[WHAT IS REQUIRED]: Look for "split" in the listing below. Gather each line that contains it.

++++++++

(* Let $X$ be a set and let $w$ be a word on $X^{\pm1}$ with two decompositions $$w\equiv a_1w_1^{m_1}b_1\equiv a_2w_2^{m_2}b_2,$$ where $m_i\ge2$ and $w_i,a_i,b_i$ are words for $i=1,2$. Suppose that $w_1,w_2$ are primitive and that there are non-negative real constants $A,B$ such that $|a_i|\le A$, $|b_i|\le B$ and $|w|-(A+B)\ge 2|w_i|$ for $i=1,2$. Then $w_1$ and $w_2$ are cyclically conjugate words. Furthermore, regarding words as elements of the free group on $X$, $a_1w_1a_1^{-1}=a_2w_2a_2^{-1}$ and $b_1^{-1}w_1b_1=b_2^{-1}w_2b_2$.
   Context: Words are finite sequences of letters from $X^{\pm1}$; $\equiv$ is letterwise equality; $|w|$ is the number of letters of $w$. A nonempty word is primitive if it is not $u^k$ (as a word) for any word $u$ and $k\ge2$. A cyclic conjugate of a word $w\equiv u_1u_2$ is the word $u_2u_1$. *)

From HB Require Import structures.
From mathcomp Require Import all_boot all_order all_algebra.
Set Implicit Arguments. Unset Strict Implicit. Unset Printing Implicit Defensive.

(* Letters of X^{+-1}: a pair (x, e) with e = true meaning x^{+1}
   and e = false meaning x^{-1}.  Words are finite sequences of letters;
   letterwise equality is Leibniz equality of sequences. *)
Definition letter (X : Type) := (X * bool)%type.
Definition word (X : Type) := seq (letter X).

Definition linv (X : Type) (l : letter X) : letter X := (l.1, ~~ l.2).

Definition winv (X : Type) (w : word X) : word X := rev (map (@linv X) w).

Definition wpow (X : Type) (u : word X) (k : nat) : word X := flatten (nseq k u).

Definition primitive (X : Type) (w : word X) : Prop :=
  w <> [::] /\ ~ (exists (u : word X) (k : nat), 2 <= k /\ w = wpow u k).

Definition cyclic_conj (X : Type) (w v : word X) : Prop :=
  exists u1 u2 : word X, w = u1 ++ u2 /\ v = u2 ++ u1.

(* Equality of the images in the free group F(X): the equivalence relation
   generated by inserting/deleting a cancelling pair l l^{-1}. *)
Inductive free_eq (X : Type) : word X -> word X -> Prop :=
  | free_eq_refl w : free_eq w w
  | free_eq_cancel p q l : free_eq (p ++ [:: l; linv l] ++ q) (p ++ q)
  | free_eq_sym u v : free_eq u v -> free_eq v u
  | free_eq_trans u v t : free_eq u v -> free_eq v t -> free_eq u t.

(* Both powers cover a common window of w of length at least |w1| + |w2|,
   in which w is periodic with periods |w1| and |w2|.  By the Fine-Wilf
   theorem gcd(|w1|, |w2|) is then a period of both words; primitivity forces
   |w1| = gcd = |w2|, so w1 is the rotation of w2 by the offset
   |a1| - |a2| mod |w2|.  Writing that offset as k|w2| + r exhibits a1 as
   a2 w2^k t with t the prefix of length r of w2; conjugating w1 = rot r w2
   back by t and by w2^k (which commutes with w2) gives
   a1 w1 a1^-1 = a2 w2 a2^-1.  The identity for the b_i is the same argument
   applied to w^-1 = b_i^-1 (w_i^-1)^m_i a_i^-1. *)

From HB Require Import structures.
From mathcomp Require Import all_boot all_order all_algebra.
From mathcomp Require Import zify lra.
Import Order.TTheory GRing.Theory Num.Theory.

Set Implicit Arguments.
Unset Strict Implicit.
Unset Printing Implicit Defensive.

Section Periodic.
Variable T : Type.
Implicit Types (h : nat -> T) (p q : nat).

Definition periodic h p := forall i, h (i + p) = h i.

Lemma periodicM k h p : periodic h p -> periodic h (k * p).
Proof.
move=> hp i; elim: k => [|k IHk]; first by rewrite addn0.
by rewrite mulSn addnA addnAC hp.
Qed.

Lemma periodic_mod h p : periodic h p -> forall i, h i = h (i %% p).
Proof. by move=> hp i; rewrite {1}(divn_eq i p) addnC periodicM. Qed.

Lemma periodic_gcd h p q :
  0 < p -> periodic h p -> periodic h q -> periodic h (gcdn p q).
Proof.
move=> p_gt0 hp hq i; have [a _ /dvdnP[k def_k]] := Bezoutl q p_gt0.
by rewrite -(periodicM a hq) -addnA def_k periodicM.
Qed.

Lemma periodic_unshift h q s g :
  0 < q -> periodic h q -> periodic (fun i => h (s + i)) g -> periodic h g.
Proof.
move=> q_gt0 hq hsg i.
have shift j : h j = h (s + (j + s * q.-1)).
  by rewrite -(periodicM s hq); congr h; rewrite -[q in s * q](prednK q_gt0); lia.
by rewrite shift (shift i) addnAC hsg.
Qed.

Theorem fine_wilf h1 h2 p q : 0 < p -> 0 < q ->
  periodic h1 p -> periodic h2 q -> (forall i, i < p + q -> h1 i = h2 i) ->
  h1 =1 h2 /\ periodic h1 (gcdn p q).
Proof.
move=> p_gt0 q_gt0 h1p h2q eq12.
have h1q : periodic h1 q.
  move=> i; have ip_lt : i %% p < p by rewrite ltn_pmod.
  rewrite (periodic_mod h1p i) (periodic_mod h1p (i + q)) -modnDml.
  rewrite -(periodic_mod h1p) eq12 ?ltn_add2r // h2q -eq12 //.
  by rewrite (leq_trans ip_lt) ?leq_addr.
split; last exact: periodic_gcd.
move=> i; rewrite (periodic_mod h1q) (periodic_mod h2q) eq12 //.
by rewrite (leq_trans (ltn_pmod i q_gt0)) ?leq_addl.
Qed.

End Periodic.

Section Words.
Variable X : Type.
Implicit Types (a b u v w : word X).

Lemma winv_cat u v : winv (u ++ v) = winv v ++ winv u.
Proof. by rewrite /winv map_cat rev_cat. Qed.

Lemma winvK : involutive (@winv X).
Proof.
move=> u; rewrite /winv map_rev revK -map_comp -[RHS]map_id.
by apply: eq_map => -[x e]; rewrite /linv /= negbK.
Qed.

Lemma size_winv u : size (winv u) = size u.
Proof. by rewrite /winv size_rev size_map. Qed.

Lemma wpowD u m n : wpow u (m + n) = wpow u m ++ wpow u n.
Proof. by rewrite /wpow nseqD flatten_cat. Qed.

Lemma wpowSr u m : wpow u m.+1 = wpow u m ++ u.
Proof. by rewrite -addn1 wpowD /wpow /= cats0. Qed.

Lemma size_wpow u m : size (wpow u m) = m * size u.
Proof. by elim: m => //= m IHm; rewrite size_cat IHm mulSn. Qed.

Lemma winv_wpow u m : winv (wpow u m) = wpow (winv u) m.
Proof. by elim: m => //= m IHm; rewrite winv_cat IHm -wpowSr. Qed.

Lemma winv_cat_wpow a u b m :
  winv (a ++ wpow u m ++ b) = winv b ++ wpow (winv u) m ++ winv a.
Proof. by rewrite !winv_cat winv_wpow catA. Qed.

Lemma primitive_size_gt0 u : primitive u -> 0 < size u.
Proof. by case: u => [[]|]. Qed.

Lemma primitive_winv u : primitive u -> primitive (winv u).
Proof.
case=> u_neq0 u_prim; split=> [u'0 | [v [k [k_ge2 def_u']]]].
  by apply: u_neq0; rewrite -[u]winvK u'0.
by apply: u_prim; exists (winv v), k; rewrite -winv_wpow -def_u' winvK.
Qed.

Lemma cyclic_conj_sym u v : cyclic_conj u v -> cyclic_conj v u.
Proof. by case=> u1 [u2 [-> ->]]; exists u2, u1. Qed.

Lemma cyclic_conj_rot r u : cyclic_conj (rot r u) u.
Proof. by exists (drop r u), (take r u); rewrite cat_take_drop. Qed.

Lemma take_wpow u m k r : k < m -> r <= size u ->
  take (k * size u + r) (wpow u m) = wpow u k ++ take r u.
Proof.
move=> lt_km le_ru; rewrite -(subnKC lt_km) wpowD wpowSr -catA.
by rewrite take_cat size_wpow ltnNge leq_addr /= addKn takel_cat.
Qed.

(* The letters of the infinite word u u u ...; x0 only matters when u = [::]. *)
Definition cyc_nth x0 u i := nth x0 u (i %% size u).

Lemma periodic_cyc_nth x0 u : periodic (cyc_nth x0 u) (size u).
Proof. by move=> i; rewrite /cyc_nth modnDr. Qed.

Lemma cyc_nth_small x0 u i : i < size u -> cyc_nth x0 u i = nth x0 u i.
Proof. by move=> lt_iu; rewrite /cyc_nth modn_small. Qed.

Lemma nth_wpow x0 u m i : i < m * size u -> nth x0 (wpow u m) i = cyc_nth x0 u i.
Proof.
elim: m i => [|m IHm] i; first by rewrite mul0n.
rewrite /= nth_cat mulSn => lt_i; case: ltnP => [lt_iu | le_ui].
  by rewrite cyc_nth_small.
rewrite IHm ?ltn_subLR //.
by rewrite -[in RHS](subnK le_ui) periodic_cyc_nth.
Qed.

Lemma nth_cat_wpow x0 w a u b m i : w = a ++ wpow u m ++ b ->
  i < m * size u -> nth x0 w (size a + i) = cyc_nth x0 u i.
Proof.
move=> -> lt_i; rewrite nth_cat ltnNge leq_addr /= addKn nth_cat size_wpow lt_i.
exact: nth_wpow.
Qed.

Lemma cyc_nth_rot x0 r u i : r <= size u ->
  cyc_nth x0 (rot r u) i = cyc_nth x0 u (r + i).
Proof.
move=> le_ru; case: (posnP (size u)) => [u0 | u_gt0].
  by move/eqP: u0 le_ru => /nilP-> /[!leqn0]/eqP->.
rewrite /cyc_nth size_rot -modnDmr; have := ltn_pmod i u_gt0.
move: (i %% size u) => j lt_ju; rewrite /rot nth_cat size_drop nth_drop.
case: ltnP => [lt_j | le_j]; first by rewrite modn_small // -ltn_subRL.
rewrite nth_take; last by rewrite ltn_subLR // subnK.
have -> : r + j = j - (size u - r) + size u by lia.
by rewrite modnDr modn_small //; lia.
Qed.

Lemma rot_of_cyc_nth_shift x0 u v s : 0 < size u -> size v = size u ->
  (forall i, cyc_nth x0 v i = cyc_nth x0 u (s + i)) -> v = rot (s %% size u) u.
Proof.
move=> u_gt0 size_vu eq_vu; apply: (eq_from_nth (x0 := x0)) => [|i lt_iv].
  by rewrite size_rot.
rewrite -cyc_nth_small // eq_vu -cyc_nth_small; last by rewrite size_rot -size_vu.
rewrite cyc_nth_rot; last exact: ltnW (ltn_pmod _ u_gt0).
by rewrite /cyc_nth modnDml.
Qed.

Lemma primitive_period x0 u g : primitive u -> 0 < g -> g %| size u ->
  periodic (cyc_nth x0 u) g -> g = size u.
Proof.
move=> u_prim g_gt0 g_dvd u_g; have u_gt0 := primitive_size_gt0 u_prim.
have le_gu := dvdn_leq u_gt0 g_dvd.
apply/eqP; rewrite eqn_leq le_gu leqNgt; apply/negP => lt_gu.
case: u_prim => _; apply.
exists (take g u), (size u %/ g); split; first by rewrite ltn_divRL // mul1n.
have size_take_g : size (take g u) = g by rewrite size_takel.
apply: (eq_from_nth (x0 := x0)) => [|i lt_iu].
  by rewrite size_wpow size_take_g divnK.
rewrite nth_wpow ?size_take_g ?divnK // -cyc_nth_small // (periodic_mod u_g).
have lt_ig : i %% g < g by rewrite ltn_pmod.
by rewrite /cyc_nth size_take_g nth_take // modn_small // (leq_trans lt_ig).
Qed.
End Words.

Section FreeGroup.
Variable X : Type.
Implicit Types (a b u v x y : word X).

Definition wconj a u := a ++ u ++ winv a.

Lemma wconj_cat a b u : wconj (a ++ b) u = a ++ wconj b u ++ winv a.
Proof. by rewrite /wconj winv_cat -!catA. Qed.

Lemma winv_wconj a u : winv (wconj a u) = wconj a (winv u).
Proof. by rewrite /wconj !winv_cat winvK catA. Qed.

Lemma free_eq_cat x y u v : free_eq u v -> free_eq (x ++ u ++ y) (x ++ v ++ y).
Proof.
elim=> {u v} [u | p q l | u v _ | u v t _ IHuv _ IHvt].
- exact: free_eq_refl.
- by have := free_eq_cancel (x ++ p) (q ++ y) l; rewrite -!catA.
- exact: free_eq_sym.
- exact: free_eq_trans IHuv IHvt.
Qed.

Lemma free_eq_winv u v : free_eq u v -> free_eq (winv u) (winv v).
Proof.
elim=> {u v} [u | p q l | u v _ | u v t _ IHuv _ IHvt].
- exact: free_eq_refl.
- rewrite !winv_cat (_ : winv [:: l; linv l] = [:: l; linv l]).
    by rewrite -catA; apply: free_eq_cancel.
  by case: l => x e; rewrite /winv /linv /= negbK.
- exact: free_eq_sym.
- exact: free_eq_trans IHuv IHvt.
Qed.

Lemma free_eq_mulV x y z : free_eq (x ++ y ++ winv y ++ z) (x ++ z).
Proof.
elim/last_ind: y z => [|y l IHy] z; first exact: free_eq_refl.
have -> : winv (rcons y l) = linv l :: winv y.
  by rewrite -cats1 winv_cat.
rewrite -cats1 -!catA /=; apply: free_eq_trans (IHy z).
by have := free_eq_cancel (x ++ y) (winv y ++ z) l; rewrite -!catA.
Qed.

Lemma free_eq_wconj_rot r u : free_eq (wconj (take r u) (rot r u)) u.
Proof.
rewrite /wconj /rot -[X in free_eq _ X](cat_take_drop r u) -!catA.
have := free_eq_mulV (take r u ++ drop r u) (take r u) [::].
by rewrite !cats0 -!catA.
Qed.

Lemma free_eq_wconj_wpow k u : free_eq (wconj (wpow u k) u) u.
Proof.
rewrite /wconj catA -wpowSr (_ : wpow u k.+1 = u ++ wpow u k) // -catA.
by have := free_eq_mulV u (wpow u k) [::]; rewrite !cats0.
Qed.

Lemma free_eq_wconj_shift a u k r :
  free_eq (wconj (a ++ wpow u k ++ take r u) (rot r u)) (wconj a u).
Proof.
rewrite !wconj_cat.
apply: free_eq_trans
  (free_eq_cat _ _ (free_eq_cat _ _ (free_eq_wconj_rot r u))) _.
exact: free_eq_cat (free_eq_wconj_wpow k u).
Qed.
End FreeGroup.

Section OverlappingPowers.
Variables (X : Type) (w a1 w1 b1 a2 w2 b2 : word X) (m1 m2 : nat).
Hypothesis def1 : w = a1 ++ wpow w1 m1 ++ b1.
Hypothesis def2 : w = a2 ++ wpow w2 m2 ++ b2.
Hypotheses (prim1 : primitive w1) (prim2 : primitive w2).
Hypothesis overlap : maxn (size a1) (size a2) + maxn (size b1) (size b2)
  + (size w1 + size w2) <= size w.
Hypothesis le_a21 : size a2 <= size a1.

Let o := size a1 - size a2.

Let size_w1 : size w = size a1 + m1 * size w1 + size b1.
Proof. by rewrite def1 !size_cat size_wpow addnA. Qed.

Let size_w2 : size w = size a2 + m2 * size w2 + size b2.
Proof. by rewrite def2 !size_cat size_wpow addnA. Qed.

++++++++

[OUTPUT FOR THIS EXERCISE]:
split; last exact: periodic_gcd.
case=> u_neq0 u_prim; split=> [u'0 | [v [k [k_ge2 def_u']]]].
exists (take g u), (size u %/ g); split; first by rewrite ltn_divRL // mul1n.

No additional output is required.